Water vapor — and maybe even rain — found on distant world twice the size of Earth © Image: NASA

Then, in 2016 and 2017, Benneke and his team used NASA’s Hubble Space Telescope, currently in orbit around Earth, to learn more about K2-18b’s atmosphere. The chemicals and molecules that surround an exoplanet can tell us a lot about what might be lurking on the surface of the distant world. For instance, the significant amounts of methane in Earth’s atmosphere are a byproduct of the many biological organisms that live here.

Studying the atmosphere of an exoplanet is particularly tough for worlds that are similar in size to Earth. The light from these faraway space rocks is easily overpowered by the light coming from their parent stars, making them incredibly hard to see. And in order to figure out what’s in an exoplanet’s atmosphere, researchers need to observe light from the star as it filters through the “outer edges” of the world. When the light passes through the gas, it gets warped ever so slightly, indicating the types of molecules that are present. It’s an incredibly delicate — and challenging — measurement to make.

Studying the atmosphere of an exoplanet is particularly tough. Researchers got lucky with K2-18b because it has an atmosphere that extends far out into space, making it a bit easier to observe. “It’s a bit like a hybrid planet that maybe has a rocky ice core, but then most of its volume is actually gas,” Benneke says. Additionally, it orbits around a type of faint, small star known as a red dwarf, which doesn’t have as much light as a star like our Sun. That makes it easier to study planets that might be orbiting nearby.

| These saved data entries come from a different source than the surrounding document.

Lemma mcount_upd s i pi j o w :
  valid_profile g s -> is_cu g (i, pi, j) -> allowed_dev g s (i, pi, j) o ->
  o != s i pi j ->
  (mcount g (upd s (i, pi, j) o) w + (s i pi j == Some w) =
   mcount g s w + (o == Some w))%N.
Proof.
move=> V xcu al ne; have /is_cuP [piP _ _] := xcu.
suff balance_i : ((i \in [set i' | w \in cell_set g (upd s (i, pi, j) o) i' (pblock (P g i') w)])
    + (s i pi j == Some w) =
    (i \in [set i' | w \in cell_set g s i' (pblock (P g i') w)]) + (o == Some w))%N.
  rewrite /mcount; move: balance_i; set A := [set i' | _]; set A' := [set i' | _].
  suff : (#|A| + (i \in A') = #|A'| + (i \in A))%N by lia.
  apply: card_agree_off => i' ne'.
  rewrite [_ \in A]inE [_ \in A']inE cell_set_upd_other //.
  by apply: contraNneq ne' => -[->].
rewrite [i \in [set _ | _]]inE [i \in [set _ | _]]inE.
have [wpi|wNpi] := boolP (w \in pi).
  by rewrite (pblock_cell piP wpi); exact: cell_set_upd_balance.
have -> : (s i pi j == Some w) = false.
  by apply/eqP => sw; case: V => _ inpi _; move: wNpi; rewrite (inpi _ _ _ _ xcu sw).
have -> : (o == Some w) = false.
  by apply/eqP => ow; move: al; rewrite ow => /allowed_dev_Some [wpi _]; move: wNpi; rewrite wpi.
rewrite cell_set_upd_other //; apply: contraNneq wNpi => -[epi].
have /and3P [/eqP cov _ _] := partition_cells i.
by rewrite -epi mem_pblock cov inE.
Qed.

Lemma mcount_upd_eq s i pi j o w :
  valid_profile g s -> is_cu g (i, pi, j) -> allowed_dev g s (i, pi, j) o ->
  o != s i pi j -> s i pi j != Some w -> o != Some w ->
  mcount g (upd s (i, pi, j) o) w = mcount g s w.
Proof.
move=> V xcu al ne /negbTE sxw /negbTE ow.
by have := mcount_upd w V xcu al ne; rewrite sxw ow !addn0.
Qed.

Lemma mcount_upd_new s i pi j o w :
  valid_profile g s -> is_cu g (i, pi, j) -> allowed_dev g s (i, pi, j) o ->
  o != s i pi j -> o = Some w ->
  mcount g (upd s (i, pi, j) o) w = (mcount g s w).+1.
Proof.
move=> V xcu al ne ow; have := mcount_upd w V xcu al ne.
by rewrite ow eqxx -ow eq_sym (negbTE ne) addn0 addn1.
Qed.

(** * Payoff differences and loads *)

Definition marginal_cost i k : R := c g i k - c g i k.-1.

(* Staying inactive while [n] units of the cell are inactive saves the
   marginal cost of its [K - n + 1]-th active unit. *)
Definition option_value i pi o n : R :=
  if o is Some w then mu g w / muset g pi * v g i n w
  else marginal_cost i (K g i - n.-1).

Definition load s i pi o : nat :=
  if o is Some w then mcount g s w else (K g i - #|cell_set g s i pi|)%N.

Definition stay_value s i pi o : R := option_value i pi o (load s i pi o).
Definition join_value s i pi o : R := option_value i pi o (load s i pi o).+1.

Definition resource_of i pi o : Omega + N * {set Omega} :=
  if o is Some w then inl w else inr (i, pi).

Lemma resource_of_inj i pi : injective (resource_of i pi).
Proof. by case=> [w|] [w'|] // [->]. Qed.

Lemma payoff_upd s i pi j o :
  valid_profile g s -> is_cu g (i, pi, j) -> allowed_dev g s (i, pi, j) o ->
  o != s i pi j ->
  payoff g (upd s (i, pi, j) o) i pi =
  payoff g s i pi + join_value s i pi o - stay_value s i pi (s i pi j).
Proof.
move=> V xcu al ne; set s' := upd s (i, pi, j) o.
set S := cell_set g s i pi; set A := set_of_option (s i pi j).
set C := set_of_option o.
have AS : A \subset S := set_of_option_sub s xcu.
have CS : [disjoint C & S] := set_of_option_disjoint xcu al ne.
have m_out w : w \in S :\: A -> mcount g s' w = mcount g s w.
  rewrite in_setD => /andP [wA wS]; apply: mcount_upd_eq => //.
    by rewrite -in_set_of_option.
  by rewrite -in_set_of_option (disjointFl CS wS).
have m_in w : w \in C -> mcount g s' w = (mcount g s w).+1.
  by rewrite in_set_of_option => /eqP; exact: mcount_upd_new.
have S'E : cell_set g s' i pi = (S :\: A) :|: C := cell_set_upd o V xcu.
have S'C : [disjoint S :\: A & C].
  by rewrite disjoint_sym; apply: disjointWr CS; exact: subsetDl.
have card_S' := card_cell_set_upd V xcu al ne; rewrite -/s' -/S in card_S'.
have le_S' := card_cell_set_le s' i pi.
have le_S : (#|S| <= K g i)%N := card_cell_set_le s i pi.
rewrite /payoff -/s' -/S S'E [_ :|: C]setUC in card_S' le_S' *.
rewrite (big_setID C) [in RHS](big_setID A) (setIidPr AS).
rewrite setUK setDUl setDv set0U (setDidPl S'C).
have -> : \sum_(w in S :\: A) mu g w / muset g pi * v g i (mcount g s' w) w =
          \sum_(w in S :\: A) mu g w / muset g pi * v g i (mcount g s w) w.
  by apply: eq_bigr => w /m_out ->.
have -> : \sum_(w in C) mu g w / muset g pi * v g i (mcount g s' w) w =
          \sum_(w in C) mu g w / muset g pi * v g i (mcount g s w).+1 w.
  by apply: eq_bigr => w /m_in ->.
rewrite /join_value /stay_value /load /option_value /marginal_cost -/S.
move: ne card_S' le_S' le_S; rewrite /A /C !set_of_optionE.
clear m_in m_out CS S'C S'E AS al s' A C.
case: (s i pi j) => [w0|]; case: o => [w1|] //= _;
  rewrite ?big_set1 ?big_set0 => card_S' le_S' le_S.
- have -> : #|w1 |: S :\ w0| = #|S| by lia.
  lra.
- have -> : #|set0 :|: S :\ w0| = #|S|.-1 by lia.
  by rewrite (_ : K g i - (K g i - #|S|) = #|S|)%N; [lra | lia].
- have -> : #|w1 |: S :\: set0| = #|S|.+1 by lia.
  by rewrite (_ : K g i - (K g i - #|S|).-1 = #|S|.+1)%N /=; [lra | lia].
Qed.

Lemma load_upd s i pi j o i' pi' o' :
  valid_profile g s -> is_cu g (i, pi, j) -> allowed_dev g s (i, pi, j) o ->
  o != s i pi j ->
  (load (upd s (i, pi, j) o) i' pi' o' + (resource_of i' pi' o' == resource_of i pi (s i pi j)) =
   load s i' pi' o' + (resource_of i' pi' o' == resource_of i pi o))%N.
Proof.
move=> V xcu al ne; case: o' => [w|] /=.
  have inlE q : (inl w == resource_of i pi q) = (q == Some w) by case: q => //= q; rewrite eq_sym.
  by rewrite !inlE; exact: mcount_upd.
have [[-> ->]|ne_cell] := eqVneq (i', pi') (i, pi).
  have inrE q : (inr (i, pi) == resource_of i pi q) = (q == None) by case: q => //=; rewrite eqxx.
  rewrite !inrE; have := card_cell_set_upd V xcu al ne.
  have := card_cell_set_le (upd s (i, pi, j) o) i pi; have := card_cell_set_le s i pi.
  by case: (s i pi j) ne => [?|]; case: o {al} => [?|] //= _; lia.
rewrite cell_set_upd_other //.
have inrE q : (inr (i', pi') == resource_of i pi q) = false.
  by case: q => //=; apply: contraNF ne_cell => /eqP [-> ->].
by rewrite !inrE.
Qed.

Lemma marginal_cost_nondecr i k k' : (k <= k' <= K g i)%N -> marginal_cost i k <= marginal_cost i k'.
Proof.
have [_ _ _ [c0 [c_ge0 c_convex]] _] := Hg.
move=> /andP [kk' k'K]; have kK := leq_trans kk' k'K.
apply: (homo_leq_in (D := [pred n | n <= K g i]%N) (f := marginal_cost i) lexx le_trans)
  => //.
  by move=> m n _ nK p /andP [_ /ltnW pn]; rewrite !inE in nK *; exact: leq_trans pn nK.
move=> [|n] _; rewrite inE /marginal_cost /= => nK.
  by rewrite c0 subrr subr0; exact: c_ge0.
by have := c_convex i n.+1 isT; rewrite addn1; apply.
Qed.

Lemma v_nonincr i w m n : (m <= n)%N -> v g i n w <= v g i m w.
Proof.
have [_ _ _ _ [_ v_decr]] := Hg.
elim: n => [|n IH]; first by rewrite leqn0 => /eqP ->.
by rewrite leq_eqVlt => /predU1P [->//|/IH]; exact: le_trans (v_decr _ _ _).
Qed.

Lemma option_value_nonincr i pi o m n :
  pi \in P g i -> (m <= n)%N -> option_value i pi o n <= option_value i pi o m.
Proof.
move=> piP mn; case: o => [w|] /=.
  have [_ [mu_ge0 _] mu_gt0 _ _] := Hg.
  by apply: ler_wpM2l (v_nonincr _ _ mn); rewrite divr_ge0 // ltW // (mu_gt0 i).
by apply: marginal_cost_nondecr; lia.
Qed.

Lemma join_le_stay s i pi o : pi \in P g i -> join_value s i pi o <= stay_value s i pi o.
Proof. by move=> piP; exact: option_value_nonincr. Qed.

Lemma improvement_upd s i pi j o :
  valid_profile g s -> is_cu g (i, pi, j) -> allowed_dev g s (i, pi, j) o ->
  o != s i pi j ->
  (payoff g s i pi < payoff g (upd s (i, pi, j) o) i pi) =
  (stay_value s i pi (s i pi j) < join_value s i pi o).
Proof. by move=> V xcu al ne; rewrite payoff_upd //; apply/idP/idP; lra. Qed.

Lemma best_respondingP s i pi j :
  valid_profile g s -> is_cu g (i, pi, j) ->
  best_responding g s (i, pi, j) <->
  (forall o, allowed_dev g s (i, pi, j) o -> o != s i pi j ->
     join_value s i pi o <= stay_value s i pi (s i pi j)).
Proof.
move=> V xcu; split=> [br o al ne | br o al /=].
  by rewrite leNgt -improvement_upd //; apply/negP; exact: br.
have [->|ne] := eqVneq o (s i pi j); first by rewrite upd_same ltxx.
by apply/negP; rewrite improvement_upd // -leNgt br.
Qed.

Lemma not_best_responding s i pi j :
  valid_profile g s -> is_cu g (i, pi, j) -> ~ best_responding g s (i, pi, j) ->
  exists o, allowed_dev g s (i, pi, j) o /\
    stay_value s i pi (s i pi j) < join_value s i pi o.
Proof.
move=> V xcu not_br; apply: NNPP => none; apply: not_br; apply/best_respondingP => // o al _.
by rewrite leNgt; apply/negP => gain; apply: none; exists o.
Qed.

Definition improvement s i pi j y :=
  [/\ allowed_dev g s (i, pi, j) y, y != s i pi j
    & stay_value s i pi (s i pi j) < join_value s i pi y].

Definition best_improvement s i pi j y :=
  improvement s i pi j y /\
  forall o, allowed_dev g s (i, pi, j) o -> o != s i pi j ->
    join_value s i pi o <= join_value s i pi y.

Benneke and his team observed the planet as it transited eight times, allowing them to detect water vapour in the atmosphere. Then they did some climate modelling and found that the vapour is likely forming into clouds where water condenses and then raining down onto the planet — just like on Earth. “If you talk to any biologist, they don’t care about vapour; they care about liquid water,” says Benneke. “Because biology only works when you have liquid water.”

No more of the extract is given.